[Source information]
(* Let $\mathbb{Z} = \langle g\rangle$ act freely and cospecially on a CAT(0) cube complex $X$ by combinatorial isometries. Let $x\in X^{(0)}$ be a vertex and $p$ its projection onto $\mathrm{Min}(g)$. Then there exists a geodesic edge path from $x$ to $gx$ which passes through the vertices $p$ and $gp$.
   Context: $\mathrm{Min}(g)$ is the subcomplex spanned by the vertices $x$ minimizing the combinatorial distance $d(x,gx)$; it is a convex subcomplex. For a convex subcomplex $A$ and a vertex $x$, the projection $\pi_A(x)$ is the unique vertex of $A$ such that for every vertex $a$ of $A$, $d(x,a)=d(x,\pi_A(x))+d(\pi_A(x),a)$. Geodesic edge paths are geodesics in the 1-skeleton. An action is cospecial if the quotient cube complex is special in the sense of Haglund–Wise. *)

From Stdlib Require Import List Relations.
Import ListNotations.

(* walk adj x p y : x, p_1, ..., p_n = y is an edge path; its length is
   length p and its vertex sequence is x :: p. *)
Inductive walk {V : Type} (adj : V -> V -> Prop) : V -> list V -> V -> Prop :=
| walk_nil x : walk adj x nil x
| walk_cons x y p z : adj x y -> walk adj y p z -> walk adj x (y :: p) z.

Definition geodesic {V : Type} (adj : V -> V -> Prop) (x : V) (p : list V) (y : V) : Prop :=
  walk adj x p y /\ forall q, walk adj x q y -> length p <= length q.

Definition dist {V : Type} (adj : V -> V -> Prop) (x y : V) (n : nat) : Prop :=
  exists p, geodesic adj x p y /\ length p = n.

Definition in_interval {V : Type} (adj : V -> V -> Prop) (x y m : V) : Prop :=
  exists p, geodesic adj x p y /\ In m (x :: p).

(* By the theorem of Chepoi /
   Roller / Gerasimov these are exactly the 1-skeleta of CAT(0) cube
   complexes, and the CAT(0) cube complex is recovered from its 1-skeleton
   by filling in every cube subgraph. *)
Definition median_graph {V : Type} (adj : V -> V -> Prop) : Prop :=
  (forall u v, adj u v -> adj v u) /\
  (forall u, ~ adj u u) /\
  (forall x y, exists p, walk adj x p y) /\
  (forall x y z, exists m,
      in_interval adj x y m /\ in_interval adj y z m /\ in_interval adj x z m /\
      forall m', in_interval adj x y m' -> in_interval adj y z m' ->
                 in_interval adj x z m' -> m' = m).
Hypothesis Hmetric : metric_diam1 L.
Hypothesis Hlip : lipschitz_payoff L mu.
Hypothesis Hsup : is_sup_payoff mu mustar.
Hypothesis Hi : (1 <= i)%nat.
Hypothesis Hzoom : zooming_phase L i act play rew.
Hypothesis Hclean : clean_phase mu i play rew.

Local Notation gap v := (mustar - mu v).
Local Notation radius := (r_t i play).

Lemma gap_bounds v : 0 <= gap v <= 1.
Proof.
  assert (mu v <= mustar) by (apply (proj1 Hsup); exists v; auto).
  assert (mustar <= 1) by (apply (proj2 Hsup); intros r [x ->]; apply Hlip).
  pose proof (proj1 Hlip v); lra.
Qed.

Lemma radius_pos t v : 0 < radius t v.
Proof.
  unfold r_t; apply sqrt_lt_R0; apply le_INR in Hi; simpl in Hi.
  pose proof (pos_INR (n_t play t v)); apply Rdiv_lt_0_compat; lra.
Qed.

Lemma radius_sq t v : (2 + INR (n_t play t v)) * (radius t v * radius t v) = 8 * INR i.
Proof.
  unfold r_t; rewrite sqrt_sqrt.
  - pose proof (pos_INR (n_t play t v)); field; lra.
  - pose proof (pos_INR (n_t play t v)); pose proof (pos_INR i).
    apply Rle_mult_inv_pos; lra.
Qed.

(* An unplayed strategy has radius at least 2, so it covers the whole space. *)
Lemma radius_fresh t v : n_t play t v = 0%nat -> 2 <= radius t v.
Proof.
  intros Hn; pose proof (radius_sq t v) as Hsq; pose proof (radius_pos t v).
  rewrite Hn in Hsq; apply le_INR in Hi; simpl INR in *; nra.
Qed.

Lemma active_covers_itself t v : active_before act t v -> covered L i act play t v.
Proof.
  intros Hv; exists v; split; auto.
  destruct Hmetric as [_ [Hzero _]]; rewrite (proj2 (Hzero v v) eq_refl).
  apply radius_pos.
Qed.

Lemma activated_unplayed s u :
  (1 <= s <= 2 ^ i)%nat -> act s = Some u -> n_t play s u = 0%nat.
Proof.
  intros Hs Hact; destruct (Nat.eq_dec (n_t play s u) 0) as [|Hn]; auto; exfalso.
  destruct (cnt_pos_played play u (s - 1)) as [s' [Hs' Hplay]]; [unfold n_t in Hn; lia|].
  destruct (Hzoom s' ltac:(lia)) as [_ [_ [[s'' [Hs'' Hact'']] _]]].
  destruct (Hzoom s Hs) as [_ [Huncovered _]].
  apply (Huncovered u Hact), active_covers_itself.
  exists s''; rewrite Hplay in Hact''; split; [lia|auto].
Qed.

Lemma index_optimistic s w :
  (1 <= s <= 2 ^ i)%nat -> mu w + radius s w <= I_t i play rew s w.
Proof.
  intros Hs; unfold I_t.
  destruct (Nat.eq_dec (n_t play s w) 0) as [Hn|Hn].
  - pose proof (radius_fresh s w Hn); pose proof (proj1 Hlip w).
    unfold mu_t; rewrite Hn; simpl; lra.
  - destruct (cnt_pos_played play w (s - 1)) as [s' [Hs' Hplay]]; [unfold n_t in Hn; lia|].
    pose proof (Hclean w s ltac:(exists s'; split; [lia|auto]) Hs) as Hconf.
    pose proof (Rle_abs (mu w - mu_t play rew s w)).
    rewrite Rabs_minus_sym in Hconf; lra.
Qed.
[/Source information]
» **Exercise details**:
Reprint every entry exactly.

» **Response area**:
(* Let $\mathbb{Z} = \langle g\rangle$ act freely and cospecially on a CAT(0) cube complex $X$ by combinatorial isometries. Let $x\in X^{(0)}$ be a vertex and $p$ its projection onto $\mathrm{Min}(g)$. Then there exists a geodesic edge path from $x$ to $gx$ which passes through the vertices $p$ and $gp$.
   Context: $\mathrm{Min}(g)$ is the subcomplex spanned by the vertices $x$ minimizing the combinatorial distance $d(x,gx)$; it is a convex subcomplex. For a convex subcomplex $A$ and a vertex $x$, the projection $\pi_A(x)$ is the unique vertex of $A$ such that for every vertex $a$ of $A$, $d(x,a)=d(x,\pi_A(x))+d(\pi_A(x),a)$. Geodesic edge paths are geodesics in the 1-skeleton. An action is cospecial if the quotient cube complex is special in the sense of Haglund–Wise. *)

From Stdlib Require Import List Relations.
Import ListNotations.

(* walk adj x p y : x, p_1, ..., p_n = y is an edge path; its length is
   length p and its vertex sequence is x :: p. *)
Inductive walk {V : Type} (adj : V -> V -> Prop) : V -> list V -> V -> Prop :=
| walk_nil x : walk adj x nil x
| walk_cons x y p z : adj x y -> walk adj y p z -> walk adj x (y :: p) z.

Definition geodesic {V : Type} (adj : V -> V -> Prop) (x : V) (p : list V) (y : V) : Prop :=
  walk adj x p y /\ forall q, walk adj x q y -> length p <= length q.

Definition dist {V : Type} (adj : V -> V -> Prop) (x y : V) (n : nat) : Prop :=
  exists p, geodesic adj x p y /\ length p = n.

Definition in_interval {V : Type} (adj : V -> V -> Prop) (x y m : V) : Prop :=
  exists p, geodesic adj x p y /\ In m (x :: p).

(* By the theorem of Chepoi /
   Roller / Gerasimov these are exactly the 1-skeleta of CAT(0) cube
   complexes, and the CAT(0) cube complex is recovered from its 1-skeleton
   by filling in every cube subgraph. *)
Definition median_graph {V : Type} (adj : V -> V -> Prop) : Prop :=
  (forall u v, adj u v -> adj v u) /\
  (forall u, ~ adj u u) /\
  (forall x y, exists p, walk adj x p y) /\
  (forall x y z, exists m,
      in_interval adj x y m /\ in_interval adj y z m /\ in_interval adj x z m /\
      forall m', in_interval adj x y m' -> in_interval adj y z m' ->
                 in_interval adj x z m' -> m' = m).
Hypothesis Hmetric : metric_diam1 L.
Hypothesis Hlip : lipschitz_payoff L mu.
Hypothesis Hsup : is_sup_payoff mu mustar.
Hypothesis Hi : (1 <= i)%nat.
Hypothesis Hzoom : zooming_phase L i act play rew.
Hypothesis Hclean : clean_phase mu i play rew.

Local Notation gap v := (mustar - mu v).
Local Notation radius := (r_t i play).

Lemma gap_bounds v : 0 <= gap v <= 1.
Proof.
  assert (mu v <= mustar) by (apply (proj1 Hsup); exists v; auto).
  assert (mustar <= 1) by (apply (proj2 Hsup); intros r [x ->]; apply Hlip).
  pose proof (proj1 Hlip v); lra.
Qed.

Lemma radius_pos t v : 0 < radius t v.
Proof.
  unfold r_t; apply sqrt_lt_R0; apply le_INR in Hi; simpl in Hi.
  pose proof (pos_INR (n_t play t v)); apply Rdiv_lt_0_compat; lra.
Qed.

Lemma radius_sq t v : (2 + INR (n_t play t v)) * (radius t v * radius t v) = 8 * INR i.
Proof.
  unfold r_t; rewrite sqrt_sqrt.
  - pose proof (pos_INR (n_t play t v)); field; lra.
  - pose proof (pos_INR (n_t play t v)); pose proof (pos_INR i).
    apply Rle_mult_inv_pos; lra.
Qed.

(* An unplayed strategy has radius at least 2, so it covers the whole space. *)
Lemma radius_fresh t v : n_t play t v = 0%nat -> 2 <= radius t v.
Proof.
  intros Hn; pose proof (radius_sq t v) as Hsq; pose proof (radius_pos t v).
  rewrite Hn in Hsq; apply le_INR in Hi; simpl INR in *; nra.
Qed.

Lemma active_covers_itself t v : active_before act t v -> covered L i act play t v.
Proof.
  intros Hv; exists v; split; auto.
  destruct Hmetric as [_ [Hzero _]]; rewrite (proj2 (Hzero v v) eq_refl).
  apply radius_pos.
Qed.

Lemma activated_unplayed s u :
  (1 <= s <= 2 ^ i)%nat -> act s = Some u -> n_t play s u = 0%nat.
Proof.
  intros Hs Hact; destruct (Nat.eq_dec (n_t play s u) 0) as [|Hn]; auto; exfalso.
  destruct (cnt_pos_played play u (s - 1)) as [s' [Hs' Hplay]]; [unfold n_t in Hn; lia|].
  destruct (Hzoom s' ltac:(lia)) as [_ [_ [[s'' [Hs'' Hact'']] _]]].
  destruct (Hzoom s Hs) as [_ [Huncovered _]].
  apply (Huncovered u Hact), active_covers_itself.
  exists s''; rewrite Hplay in Hact''; split; [lia|auto].
Qed.

Lemma index_optimistic s w :
  (1 <= s <= 2 ^ i)%nat -> mu w + radius s w <= I_t i play rew s w.
Proof.
  intros Hs; unfold I_t.
  destruct (Nat.eq_dec (n_t play s w) 0) as [Hn|Hn].
  - pose proof (radius_fresh s w Hn); pose proof (proj1 Hlip w).
    unfold mu_t; rewrite Hn; simpl; lra.
  - destruct (cnt_pos_played play w (s - 1)) as [s' [Hs' Hplay]]; [unfold n_t in Hn; lia|].
    pose proof (Hclean w s ltac:(exists s'; split; [lia|auto]) Hs) as Hconf.
    pose proof (Rle_abs (mu w - mu_t play rew s w)).
    rewrite Rabs_minus_sym in Hconf; lra.
Qed.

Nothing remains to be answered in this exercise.